First, CAB Transport argues Plaintiff cannot prove all elements of a negligent hiring claim—specifically, that she cannot demonstrate a breach of duty by CAB Transport. Defs.’ Mot. ¶ 15. According to CAB Transport, Boecken was a competent employee who was fit for the role of commercial truck driver and who had a valid commercial driver’s license (“CDL”) at the time of the collision. Id. Boecken was employed as a driver for CAB Transport for eleven years prior to the collision, and he had no accidents and only one speeding ticket in the five years prior to the accident. Id.
Plaintiff urges that there is evidence that CAB Transport acted negligently in hiring Boecken. Specifically, she responds that CAB Transport failed to comply with multiple federal regulations found in the Federal Motor Carrier Safety Regulations (“FMCSRs”) when hiring and retaining Boecken.
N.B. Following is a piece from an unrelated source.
(* For $t>1$ let $a=\frac{t\theta}{\sqrt{t^2-1}}$, $b=\frac{\theta}{\sqrt{t^2-1}}$, $e_1=(\cos a\cos\phi,\cos a\sin\phi,\sin a\cos\phi,\sin a\sin\phi)$ and $Y_t:\mathbb{R}^2\to\mathbb{R}^6_2$, $Y_t(\theta,\phi)=(e_1,\cos b,\sin b)$. Then $y_t=[Y_t]:\mathbb{R}^2\to Q^4_1$ is a conformal spacelike Willmore immersion (with respect to $z=\theta+i\phi$, for which $Y_t$ is the canonical lift) which is not S-Willmore; its conformal Hopf differential is $\kappa=-\frac{it}{2\sqrt2\sqrt{t^2-1}}(L-R)$. If $t=p/q$ with $p>q\geq1$ coprime integers, $y_t$ descends to a spacelike Willmore torus $\mathbb{R}^2/\Lambda\to Q^4_1$ with $\Lambda$ generated by $(2\pi q\sqrt{t^2-1},0)$ and $(0,2\pi)$, and its Willmore functional is $W(y_t)=\frac{p^2}{\sqrt{p^2-q^2}}\pi^2$; the minimum of these values over all such $p,q$ is $\frac{4}{\sqrt3}\pi^2$.
   Context: $\mathbb{R}^6_2$ is $\mathbb{R}^6$ with inner product $\langle x,y\rangle=\sum_{i=1}^4x_iy_i-x_5y_5-x_6y_6$ (extended complex-bilinearly), with a fixed orientation; $C^5$ its light cone; $Q^4_1=\{[x]\in\mathbb{R}P^5:x\in C^5\setminus\{0\}\}$. A conformal spacelike immersion $y$ into $Q^4_1$ satisfies, for any local lift $Y$ and complex coordinate $z=u+iv$, $\langle Y_z,Y_z\rangle=0$, $\langle Y_z,Y_{\bar z}\rangle>0$ ($Y_z=\frac12(Y_u-iY_v)$); the canonical lift has $\langle Y_z,Y_{\bar z}\rangle=\frac12$. $V=\mathrm{Span}\{Y,Y_u,Y_v,Y_{z\bar z}\}$, $V^\perp$ its orthogonal complement; $N\in\Gamma(V)$ with $\langle N,Y_z\rangle=\langle N,N\rangle=0$, $\langle N,Y\rangle=-1$; $L,R\in\Gamma(V^\perp)$ real null with $\langle L,R\rangle=-1$ and $\{Y,Y_u,Y_v,N,R,L\}$ positively oriented. $Y_{zz}=-\frac s2Y+\kappa$ defines the conformal Hopf differential $\kappa$; $D$ is the normal connection on $V^\perp$. The Willmore functional is $W(y)=\frac i2\int_M\langle\kappa,\bar\kappa\rangle dz\wedge d\bar z$; $y$ is Willmore if it is critical for $W$ under all variations, equivalently $D_{\bar z}D_{\bar z}\kappa+\frac{\bar s}2\kappa=0$; S-Willmore if additionally $D_{\bar z}\kappa$ is parallel to $\kappa$. *)

From Stdlib Require Import Reals Lra ClassicalEpsilon List.
Open Scope R_scope.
Specifically, a motor carrier is required to:
• Make an investigation and inquiries into the driver’s 3-year work history and safety performance with the Department of Transportation; • Check its driver’s driving record yearly; • Receive from its driver medical certification before allowing the driver to drive; • Conduct a pre-employment controlled substance test before the driver is allowed to drive; • Conduct random drug testing; • Maintain documents of all of the above in a driver qualification file throughout the driver’s employment and for three years thereafter.
According to Plaintiff, CAB Transport did not have any of these documents. Pl.’s Resp. 3 (citing Pl.’s App.).
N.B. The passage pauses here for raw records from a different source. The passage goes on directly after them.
Lemma monic_basis_ind (P : {poly R} -> Prop) n :
  P 0 -> (forall k a q, (k < n)%N -> P q -> P (a *: b k + q)) ->
  forall q, (size q <= n)%N -> P q.
Proof.
move=> P0; elim: n => [|n IHn] Pstep q.
  by rewrite leqn0 size_poly_eq0 => /eqP ->.
move=> q_size; rewrite -(subrK (q`_n *: b n) q) addrC.
apply: (Pstep) => //; apply: IHn => [k a r k_lt_n|].
  by apply: Pstep; apply: leqW.
by case: (b_basis n) => b_size b_monic; apply: size_subZ_coef.
Qed.

End MonicBasis.

Lemma det_monic_basis_coef (R : comNzRingType) (b : nat -> {poly R}) m :
  monic_basis b -> \det (\matrix_(i < m, j < m) (b i)`_j) = 1.
Proof.
move=> b_basis; rewrite det_trig.
  apply: big1 => i _; rewrite mxE.
  by case: (b_basis i) => b_size /monicP; rewrite lead_coefE b_size.
apply/is_trig_mxP => i j i_lt_j; rewrite mxE.
case: (b_basis i) => b_size _.
by have /leq_sizeP -> // : (size (b i) <= j)%N by rewrite b_size.
Qed.

Section BilinearForm.
Variable B : {poly C} -> {poly C} -> C.
Hypothesis B_bilinear : bilinear_form B.
Implicit Types p q r : {poly C}.

Lemma formDl p q r : B (p + q) r = B p r + B q r.
Proof. by have := B_bilinear.1 1 p q r; rewrite scale1r mul1r. Qed.

Lemma formDr r p q : B r (p + q) = B r p + B r q.
Proof. by have := B_bilinear.2 1 p q r; rewrite scale1r mul1r. Qed.

Lemma form0l r : B 0 r = 0.
Proof. by apply: (@addrI _ (B 0 r)); rewrite -formDl !addr0. Qed.

Lemma form0r r : B r 0 = 0.
Proof. by apply: (@addrI _ (B r 0)); rewrite -formDr !addr0. Qed.

Lemma formZl a p r : B (a *: p) r = a * B p r.
Proof. by have := B_bilinear.1 a p 0 r; rewrite !addr0 form0l addr0. Qed.

Lemma formZr a p r : B r (a *: p) = a * B r p.
Proof. by have := B_bilinear.2 a p 0 r; rewrite !addr0 form0r addr0. Qed.

Lemma formBl p q r : B (p - q) r = B p r - B q r.
Proof. by rewrite -scaleN1r formDl formZl mulN1r. Qed.

Lemma form_expand p q m : (size p <= m)%N -> (size q <= m)%N ->
  B p q = \sum_(l < m) (\sum_(k < m) p`_k * B 'X^k 'X^l) * q`_l.
Proof.
move=> p_size q_size.
rewrite -{1}(take_poly_id q_size) /take_poly poly_def.
rewrite (big_morph (B p) (formDr p) (form0r p)); apply: eq_bigr => l _.
rewrite formZr mulrC -{1}(take_poly_id p_size) /take_poly poly_def.
rewrite (big_morph (B^~ 'X^l) (fun p q => formDl p q 'X^l) (form0l 'X^l)).
by congr (_ * _); apply: eq_bigr => k _; rewrite formZl.
Qed.

End BilinearForm.

Lemma bilinear_form_tr B :
  bilinear_form B -> bilinear_form (fun p q => B q p).
Proof.
by case=> linl linr; split=> a p q r /=; [rewrite linr | rewrite linl].
Qed.

Lemma bilinear_form_mulXsubCl B (s : C) :
  bilinear_form B -> bilinear_form (fun p q => B (('X - s%:P) * p) q).
Proof.
case=> linl linr; split=> a p q r /=; last by rewrite linr.
by rewrite mulrDr -scalerAr linl.
Qed.

Lemma bilinear_form_mulXsubCr B (s : C) :
  bilinear_form B -> bilinear_form (fun p q => B p (('X - s%:P) * q)).
Proof.
case=> linl linr; split=> a p q r /=; first by rewrite linl.
by rewrite mulrDr -scalerAr linr.
Qed.

Lemma monic_biorthogonal_tr B phi psi :
  monic_biorthogonal B phi psi ->
  monic_biorthogonal (fun p q => B q p) psi phi.
Proof.
case=> bases [h [h_neq0 Bh]]; split.
  by move=> n; case: (bases n) => ? [? [? ?]].
exists h; split => // m n /=; rewrite Bh.
by case: (eqVneq m n) => [->|_]; rewrite ?mulr0.
Qed.

Section Biorthogonal.
Variable B : {poly C} -> {poly C} -> C.
Hypothesis B_bilinear : bilinear_form B.
Variables phi psi : nat -> {poly C}.
Hypothesis biorth : monic_biorthogonal B phi psi.
Implicit Types q x : {poly C}.

Lemma biorth_basisl : monic_basis phi.
Proof. by move=> n; case: (biorth.1 n) => ? [? [? ?]]. Qed.

Lemma biorth_basisr : monic_basis psi.
Proof. by move=> n; case: (biorth.1 n) => ? [? [? ?]]. Qed.

Lemma biorth_offdiag m n : m != n -> B (phi m) (psi n) = 0.
Proof. by case: biorth => _ [h [_ ->]] /negbTE ->; rewrite mulr0. Qed.

Lemma biorth_diag_neq0 n : B (phi n) (psi n) != 0.
Proof. by case: biorth => _ [h [h_neq0 ->]]; rewrite eqxx mulr1. Qed.

Lemma biorth_orthl n q : (size q <= n)%N -> B (phi n) q = 0.
Proof.
move: q; apply: (monic_basis_ind biorth_basisr (P := fun q => B (phi n) q = 0)).
  exact: form0r.
move=> k a r k_lt_n r_orth.
by rewrite B_bilinear.2 r_orth biorth_offdiag ?mulr0 ?addr0 // gtn_eqF.
Qed.

Lemma biorth_orthr n q : (size q <= n)%N -> B q (psi n) = 0.
Proof.
move: q; apply: (monic_basis_ind biorth_basisl (P := fun q => B q (psi n) = 0)).
  exact: form0l.
move=> k a r k_lt_n r_orth.
by rewrite B_bilinear.1 r_orth biorth_offdiag ?mulr0 ?addr0 // ltn_eqF.
Qed.

Lemma biorth_eq0 n x : (size x <= n)%N ->
  (forall k, (k < n)%N -> B x (psi k) = 0) -> x = 0.
Proof.
elim: n x => [|n IHn] x x_size x_orth.
  by move: x_size; rewrite leqn0 size_poly_eq0 => /eqP.
have [phi_size phi_monic] := biorth_basisl n.
have x_coll : x = x`_n *: phi n.
  apply/eqP; rewrite -subr_eq0; apply/eqP/IHn; first exact: size_subZ_coef.
  move=> k k_lt_n; rewrite formBl // formZl // (x_orth k (ltnW k_lt_n)).
  by rewrite biorth_offdiag ?mulr0 ?subr0 // gtn_eqF.
have /eqP := x_orth n (ltnSn n).
rewrite {1}x_coll formZl // mulf_eq0 (negbTE (biorth_diag_neq0 n)) orbF.
by move=> /eqP x_n0; rewrite x_coll x_n0 scale0r.
Qed.

Lemma biorth_collinear n x : (size x <= n.+1)%N ->
  (forall k, (k < n)%N -> B x (psi k) = 0) -> x = x`_n *: phi n.
Proof.
have [phi_size phi_monic] := biorth_basisl n.
move=> x_size x_orth; apply/eqP; rewrite -subr_eq0; apply/eqP.
apply: (biorth_eq0 (n := n)); first exact: size_subZ_coef.
move=> k k_lt_n; rewrite formBl // formZl // x_orth //.
by rewrite biorth_offdiag ?mulr0 ?subr0 // gtn_eqF.
Qed.

Lemma tau_biorth m : tau B m = \prod_(k < m) B (phi k) (psi k).
Proof.
pose coef_mx b := \matrix_(i < m, j < m) (b i : {poly C})`_j.
have LGU : coef_mx phi *m \matrix_(i < m, j < m) B 'X^i 'X^j *m (coef_mx psi)^T
           = \matrix_(i < m, j < m) B (phi i) (psi j).
  apply/matrixP => i j; rewrite mxE [RHS]mxE (form_expand B_bilinear (m := m)).
  - apply: eq_bigr => l _; rewrite !mxE; congr (_ * _).
    by apply: eq_bigr => k _; rewrite !mxE.
  - by rewrite (biorth_basisl i).1.
  - by rewrite (biorth_basisr j).1.
move/(congr1 determinant): LGU.
rewrite !det_mulmx det_tr (det_monic_basis_coef m biorth_basisl).
rewrite (det_monic_basis_coef m biorth_basisr).
rewrite mul1r mulr1 /tau => ->; rewrite det_trig.
  by apply: eq_bigr => i _; rewrite mxE.
by apply/is_trig_mxP => i j i_lt_j; rewrite mxE biorth_offdiag // ltn_eqF.
Qed.

Lemma tau_ratio n :
  tau B n * tau B n.+2 / tau B n.+1 ^+ 2
  = B (phi n.+1) (psi n.+1) / B (phi n) (psi n).
Proof.
rewrite !tau_biorth !big_ord_recr /= -!tau_biorth.
have tau_neq0 : tau B n != 0.
  by rewrite tau_biorth; apply/prodf_neq0 => k _; apply: biorth_diag_neq0.
by field; rewrite tau_neq0 biorth_diag_neq0.
Qed.

End Biorthogonal.

Lemma biorth_q_relation B (s : C) phi psi phis psis :
  bilinear_form B -> monic_biorthogonal B phi psi ->
  monic_biorthogonal (fun p q => B (('X - s%:P) * p) q) phis psis ->
  (forall n, (phi n).[s] != 0) ->
  forall n, ('X - s%:P) * phis n =
            phi n.+1 + (- ((phi n.+1).[s] / (phi n).[s])) *: phi n.
Proof.
move=> B_bilinear biorth biorths phi_s_neq0 n.
have [phis_size phis_monic] := biorth_basisl biorths n.
have [phi1_size phi1_monic] := biorth_basisl biorth n.+1.
set x := ('X - s%:P) * phis n - phi n.+1.
have x_coll : x = x`_n *: phi n.
  apply: (biorth_collinear B_bilinear biorth).
    apply: size_sub_monic; rewrite ?monicMl ?monicXsubC //.
    by rewrite size_XsubCM ?phis_size // monic_neq0.
  have Bs_bilinear := bilinear_form_mulXsubCl s B_bilinear.
  move=> k k_lt_n; rewrite formBl // biorth_offdiag ?(gtn_eqF (leqW k_lt_n)) //.
  by rewrite (biorth_orthl Bs_bilinear biorths) ?subrr ?(biorth_basisr biorth k).1.
have x_s : x.[s] = - (phi n.+1).[s].
  by rewrite hornerD hornerN hornerM hornerXsubC subrr mul0r add0r.
have -> : - ((phi n.+1).[s] / (phi n).[s]) = x`_n.
  by apply: (mulIf (phi_s_neq0 n)); rewrite mulNr divfK // -x_s {1}x_coll hornerZ.
by rewrite -x_coll subrKC.
Qed.

Lemma biorth_e_relation B (s : C) phi psi phid psid (qd : nat -> C) :
  bilinear_form B -> monic_biorthogonal B phi psi ->
  monic_biorthogonal (fun p q => B p (('X - s%:P) * q)) phid psid ->
  (forall n, ('X - s%:P) * psid n = psi n.+1 + qd n *: psi n) ->
  forall n, phi n.+1 =
    phid n.+1 + (B (phi n.+1) (psi n.+1) / (qd n * B (phi n) (psi n))) *: phid n.
Proof.
move=> B_bilinear biorth biorthd psid_rec n.
have Bd_bilinear := bilinear_form_mulXsubCr s B_bilinear.
have [phi_size phi_monic] := biorth_basisl biorth n.
have [phid_size phid_monic] := biorth_basisl biorthd n.
have [phi1_size phi1_monic] := biorth_basisl biorth n.+1.
have [phid1_size phid1_monic] := biorth_basisl biorthd n.+1.
set x := phi n.+1 - phid n.+1.
have x_coll : x = x`_n *: phid n.
  apply: (biorth_collinear Bd_bilinear biorthd); first exact: size_sub_monic.
  move=> k k_lt_n /=; rewrite formBl //.
  rewrite (biorth_offdiag biorthd) ?(gtn_eqF (leqW k_lt_n)) //.
  have [psid_size /monic_neq0 psid_neq0] := biorth_basisr biorthd k.
  by rewrite (biorth_orthl B_bilinear biorth) ?subrr // size_XsubCM ?psid_size.
have x_pair : B x (('X - s%:P) * psid n) = B (phi n.+1) (psi n.+1).
  rewrite formBl // (biorth_offdiag biorthd) ?gtn_eqF // subr0.
  rewrite psid_rec formDr // formZr //.
  by rewrite (biorth_offdiag biorth (m := n.+1) (n := n)) ?gtn_eqF ?mulr0 ?addr0.
have phid_pair : B (phid n) (('X - s%:P) * psid n) = qd n * B (phi n) (psi n).
  rewrite psid_rec formDr // formZr // (biorth_orthr B_bilinear biorth) ?phid_size //.
  rewrite -(subrK (phi n) (phid n)) formDl //.
  by rewrite (biorth_orthr B_bilinear biorth (n := n)) ?size_sub_monic ?add0r.
have -> : B (phi n.+1) (psi n.+1) / (qd n * B (phi n) (psi n)) = x`_n.
  rewrite -phid_pair -x_pair {1}x_coll formZl // mulfK //.
  exact: (biorth_diag_neq0 biorthd).
by rewrite -x_coll subrKC.
Qed.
Defendants reply that Plaintiff’s negligent hiring claim is based on “nothing more than pure speculation” because “Plaintiff assumes the inability of CAB Transport to produce specific documents related to the employment of Alvin Boecken means the documents never existed” and “concludes the absence of documents . . . means CAB Transport did not undertake certain actions related to the employment of Mr. Boecken.” ECF No. 68, Defs.’ Reply ¶ 10 (emphasis in original). Defendants’ issue with the facts Plaintiff relies upon seems to be that “Plaintiff jumps to these conclusions without having deposed Jim Ballard, a corporate representative for CAB Transport, or taking any further measures to develop evidence for these claims.” Id. ¶ 11.
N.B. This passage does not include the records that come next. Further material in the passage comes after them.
(* The points at infinity of an affine subspace A, i.e. the points of
   the projective closure of A lying in H_infty: the directions
   (1-dimensional subspaces, in canonical form <<_>>) of lines of A. *)
Definition inf_part (A : {set pt}) : {set 'M[F]_n} :=
  [set (<<x - y>>)%MS | x in A, y in A & x != y].

Definition in_pencil (k : nat) (S : {set {set pt}}) : Prop :=
  exists P : {set pt}, is_aff k.-1 P /\ forall s, s \in S -> P \subset s.

Definition pairwise_meet (k : nat) (S : {set {set pt}}) : Prop :=
  forall s1 s2, s1 \in S -> s2 \in S -> s1 != s2 -> is_aff k.-1 (s1 :&: s2).

Definition max_distinct_inf (k : nat) (Gam : {set pt}) (S : {set {set pt}}) : Prop :=
  [/\ forall s, s \in S -> is_aff k s /\ s \subset Gam,
      forall s1 s2, s1 \in S -> s2 \in S -> s1 != s2 -> inf_part s1 != inf_part s2
    & forall t, is_aff k t -> t \subset Gam -> t \notin S ->
        exists2 s, s \in S & inf_part s = inf_part t].
End AffGeom.

Definition theta (q k : nat) : nat := ((q ^ k.+1 - 1) %/ (q - 1))%N.

From mathcomp Require Import all_boot all_order all_algebra.
Set Implicit Arguments. Unset Strict Implicit. Unset Printing Implicit Defensive.
Import GRing.Theory.
Local Open Scope ring_scope.

(* Two distinct members s1 = w + U1 and s2 = w + U2 of S meet in the (k-1)-flat
   w + U1 :&: U2 and span the (k+1)-flat Gam = w + (U1 + U2).  A third member
   meeting both in (k-1)-flats either lies in Gam or contains s1 :&: s2.  If some
   member s3 leaves Gam, it contains s1 :&: s2, and every member inside Gam meets
   s3 inside s3 :&: Gam = s1 :&: s2; so every member contains s1 :&: s2 and S is a
   pencil.  Hence S lies in Gam.  Two members of S meet, so equal parts at
   infinity would make them equal: S embeds into the parts at infinity of the
   hyperplanes of Gam, i.e. into the k-subspaces of a (k+1)-space, and these are
   as many as its lines (by orthogonality), namely theta_k.  Equality means every
   part at infinity is hit, which is the maximality condition. *)

Section Subspaces.
Variable F : finFieldType.

Lemma submx_rank_geq m1 m2 n (A : 'M[F]_(m1, n)) (B : 'M[F]_(m2, n)) :
  (A <= B)%MS -> (\rank B <= \rank A)%N -> (B <= A)%MS.
Proof. by move=> sAB leBA; rewrite -(mxrank_leqif_sup sAB).2 eqn_leq leBA mxrankS. Qed.

Lemma exists_submx_rank n (U : 'M[F]_n) j : (j <= \rank U)%N ->
  exists2 D : 'M[F]_n, (D <= U)%MS & \rank D = j.
Proof.
move=> leju; exists <<(pid_mx j : 'M_(j, \rank U)) *m row_base U>>%MS.
  by rewrite genmxE (submx_trans (submxMl _ _)) ?eq_row_base.
by rewrite mxrank_gen mxrankMfree ?row_base_free // rank_pid_mx.
Qed.

Definition subspaces r j := [set <<V>>%MS | V : 'M[F]_r & \rank V == j].

Definition subspaces_of n (G : 'M[F]_n) j :=
  [set <<U>>%MS | U : 'M[F]_n & (U <= G)%MS && (\rank U == j)].

Lemma mem_subspaces_gen r j W : W \in subspaces r j -> <<W>>%MS = W.
Proof. by case/imsetP=> V _ ->; rewrite genmx_id. Qed.

Lemma card_line_generators r (v0 : 'rV[F]_r) : v0 != 0 ->
  #|[set v : 'rV[F]_r | (v != 0) && (<<v>>%MS == <<v0>>%MS)]| = (#|F| - 1)%N.
Proof.
move=> nz_v0.
have -> : [set v : 'rV[F]_r | (v != 0) && (<<v>>%MS == <<v0>>%MS)] =
          [set a *: v0 | a in [set~ (0 : F)]].
  apply/setP=> v; rewrite inE; apply/andP/imsetP => [[nz_v /eqP/genmxP/andP[+ _]]|].
    case/sub_rVP=> a def_v; exists a => //; rewrite !inE.
    by apply: contra nz_v => /eqP a0; rewrite def_v a0 scale0r.
  case=> a; rewrite !inE => nz_a ->; split; first by rewrite scaler_eq0 negb_or nz_a.
  exact/eqP/genmxP/eqmxP/eqmx_scale.
rewrite card_in_imset ?cardsC1 ?subn1 // => a b _ _ /eqP.
by rewrite -subr_eq0 -scalerBl scaler_eq0 (negbTE nz_v0) orbF subr_eq0 => /eqP.
Qed.

Lemma lines_genmx_nz r : subspaces r 1 = [set <<v>>%MS | v : 'rV[F]_r in [set~ 0]].
Proof.
apply/setP=> l; apply/imsetP/imsetP => [[V]|[v]].
  rewrite inE => /eqP rV1 ->; exists (nz_row V).
    by rewrite !inE nz_row_eq0 -mxrank_eq0 rV1.
  apply/esym/genmxP; rewrite -(mxrank_leqif_eq (nz_row_sub V)).2 rV1 rank_rV.
  by rewrite nz_row_eq0 -mxrank_eq0 rV1.
by rewrite !inE => nz_v ->; exists <<v>>%MS; rewrite ?genmx_id // inE mxrank_gen rank_rV nz_v.
Qed.

Lemma card_lines r : (#|subspaces r 1| * (#|F| - 1) = #|F| ^ r - 1)%N.
Proof.
rewrite lines_genmx_nz -sum_nat_const.
have -> : (#|F| ^ r - 1)%N = #|[set~ (0 : 'rV[F]_r)]|.
  by rewrite cardsC1 card_mx mul1n subn1.
rewrite -sum1_card (partition_big_imset (fun v : 'rV[F]_r => <<v>>%MS)) /=.
apply: eq_bigr => l /imsetP[v0]; rewrite !inE => nz_v0 ->.
rewrite sum1_card -(card_line_generators nz_v0); apply: eq_card => v.
by rewrite inE -topredE /= !inE.
Qed.

(* Orthogonal complement for the standard bilinear form; over a finite field it
   may meet V, but the ranks of V and perp V still add up to r. *)
Definition perp r (V : 'M[F]_r) : 'M[F]_r := <<kermx V^T>>%MS.

Lemma rank_perp r (V : 'M[F]_r) : \rank (perp V) = (r - \rank V)%N.
Proof. by rewrite mxrank_gen mxrank_ker mxrank_tr. Qed.

Lemma perpK r (V : 'M[F]_r) : perp (perp V) = <<V>>%MS.
Proof.
have sVpp : (V <= perp (perp V))%MS.
  have /eqP perpV0 : (perp V *m V^T == 0) by rewrite -sub_kermx genmxE.
  by rewrite genmxE sub_kermx -[V in V *m _]trmxK -trmx_mul perpV0 trmx0.
have -> : perp (perp V) = <<perp (perp V)>>%MS by rewrite /perp genmx_id.
apply/esym/genmxP.
rewrite -(mxrank_leqif_eq sVpp).2 !rank_perp subKn ?rank_leq_col //.
Qed.

Lemma card_subspaces_perp_le r j : (#|subspaces r j| <= #|subspaces r (r - j)|)%N.
Proof.
rewrite -(card_in_imset (f := @perp r)) ?subset_leq_card //.
  apply/subsetP=> _ /imsetP[_ /imsetP[V + ->] ->]; rewrite inE => /eqP rV.
  by apply/imsetP; exists (perp <<V>>%MS); rewrite ?genmx_id // inE rank_perp mxrank_gen rV.
move=> W1 W2 /mem_subspaces_gen W1g /mem_subspaces_gen W2g eqW.
by rewrite -W1g -W2g -!perpK eqW.
Qed.

Lemma card_subspaces_perp r j : (j <= r)%N -> #|subspaces r j| = #|subspaces r (r - j)|%N.
Proof.
move=> lejr; apply/eqP; rewrite eqn_leq card_subspaces_perp_le /=.
by rewrite -{2}(subKn lejr) card_subspaces_perp_le.
Qed.

Lemma subspaces_of_coord n (G : 'M[F]_n) j :
  subspaces_of G j = [set <<V *m row_base G>>%MS | V in subspaces (\rank G) j].
Proof.
have sBG : (row_base G :=: G)%MS := eq_row_base G.
apply/setP=> W; apply/imsetP/imsetP => [[U]|[_ /imsetP[V + ->] ->]].
  rewrite inE => /andP[sUG /eqP rU] ->.
  have sUB : (U <= row_base G)%MS by rewrite sBG.
  exists <<U *m pinvmx (row_base G)>>%MS.
    apply/imsetP; exists <<U *m pinvmx (row_base G)>>%MS; rewrite ?genmx_id //.
    by rewrite inE mxrank_gen -rU -{2}(mulmxKpV sUB) mxrankMfree ?row_base_free.
  apply/genmxP/eqmxP/eqmx_sym; apply: eqmx_trans (eqmxMr _ (genmxE _)) _.
  by rewrite mulmxKpV.
rewrite inE => /eqP rV; exists <<<<V>>%MS *m row_base G>>%MS; last by rewrite genmx_id.
by rewrite inE genmxE -sBG submxMl mxrank_gen mxrankMfree ?row_base_free // mxrank_gen rV /=.
Qed.

Lemma card_subspaces_of n (G : 'M[F]_n) j :
  #|subspaces_of G j| = #|subspaces (\rank G) j|.
Proof.
rewrite subspaces_of_coord card_in_imset // => W1 W2 W1g W2g /genmxP/andP[s12 s21].
rewrite -(mem_subspaces_gen W1g) -(mem_subspaces_gen W2g); apply/genmxP/andP.
by rewrite -!(submxMfree _ _ (row_base_free G)).
Qed.

Lemma card_hyperplanes_of n (G : 'M[F]_n) k :
  \rank G = k.+1 -> #|subspaces_of G k| = theta #|F| k.
Proof.
move=> rG; rewrite card_subspaces_of rG card_subspaces_perp // subSnn.
by rewrite /theta -card_lines mulnK // subn_gt0 card_finNzRing_gt1.
Qed.

End Subspaces.

Section AffineSpaces.
Variables (F : finFieldType) (n : nat).
Local Notation pt := 'rV[F]_n.

Lemma submxB m p (A B : 'M[F]_(m, n)) (C : 'M[F]_(p, n)) :
  (A <= C)%MS -> (B <= C)%MS -> (A - B <= C)%MS.
Proof. by move=> sAC sBC; apply: addmx_sub; rewrite ?eqmx_opp. Qed.

Lemma submxDr m p (A B : 'M[F]_(m, n)) (C : 'M[F]_(p, n)) :
  (B <= C)%MS -> ((A + B)%R <= C)%MS = (A <= C)%MS.
Proof.
move=> sBC; apply/idP/idP => [sABC|sAC]; last exact: addmx_sub sAC sBC.
by rewrite -(addrK B A) submxB.
Qed.

Definition aff (v : pt) (U : 'M[F]_n) : {set pt} := [set x : pt | (x - v <= U)%MS].

Lemma mem_aff v U x : (x \in aff v U) = (x - v <= U)%MS.
Proof. by rewrite inE. Qed.

Lemma is_affE k (A : {set pt}) : is_aff k A -> exists v U, \rank U = k /\ A = aff v U.
Proof. by []. Qed.

Lemma is_aff_aff k v (U : 'M[F]_n) : \rank U = k -> is_aff k (aff v U).
Proof. by exists v, U. Qed.

Lemma aff_base v U : v \in aff v U.
Proof. by rewrite mem_aff subrr sub0mx. Qed.

Lemma aff_rebase v U w : w \in aff v U -> aff v U = aff w U.
Proof.
rewrite mem_aff => sw; apply/setP=> x; rewrite !mem_aff.
have -> : x - v = (x - w) + (w - v) by rewrite addrA subrK.
by rewrite submxDr.
Qed.

Lemma aff_subsetP v U w U' :
  reflect ((U <= U')%MS /\ v \in aff w U') (aff v U \subset aff w U').
Proof.
apply: (iffP subsetP) => [sub|[sUU' vw] x]; last first.
  by rewrite (aff_rebase vw) !mem_aff => /submx_trans->.
have vw := sub _ (aff_base v U); split=> //; apply/row_subP=> i.
have /sub : v + row i U \in aff v U by rewrite mem_aff addrC addKr row_sub.
by rewrite (aff_rebase vw) mem_aff addrC addKr.
Qed.

Lemma eq_aff v U U' : (U == U')%MS -> aff v U = aff v U'.
Proof. by move=> /eqmxP eqU; apply/setP=> x; rewrite !mem_aff eqU. Qed.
But Plaintiff is not required to depose a corporate representative for CAB Transport in order to defeat summary judgment. She is merely required to demonstrate that there is a genuine issue of material fact for trial. Adams, 465 F.3d at 164. Rule 56(c) provides that a “party asserting that a fact . . . is genuinely disputed must support the assertion by . . . citing to particular parts of materials in the record, including depositions, documents . . . admissions, interrogatory answers, or other materials.” FED. R. CIV. P. 56(c)(1). Here, Plaintiff cites to parts of the record that support her contention that CAB Transport violated several federal regulations in its hiring and retention of Boecken. Specifically, she points to CAB Transports’ responses to her requests for the production of Boecken’s driving record and full driver qualification file, including the documents required to be maintained under the FMCSRs. Pl.’s Resp. 3; Pl.’s App. 228, 232-33. In response to those requests, CAB Transport represented that it had no documents reflecting Boecken’s driving record in its possession, and it appears to have produced a mere eight pages related to his driver qualification file. Pl.’s App. 228, 232-33, 250. Plaintiff also points to correspondence with counsel for Defendants, where after Boecken’s deposition Plaintiff again requested “documents that have not been produced” including “[d]river’s logs, full DQ file, Boecken’s driving record among other things.” Pl.’s App. 250. In response, Defendants reaffirmed that they did not have any documents related to Boecken’s driving record, and they did not produce any additional documents responsive to the other requests. Id. This is more than mere speculation by Plaintiff. The evidence in the record, taken in the light most favorable to Plaintiff, supports the inference that CAB Transport did not have or maintain documents required by the FMCSRs related to its hiring and retention of Boecken.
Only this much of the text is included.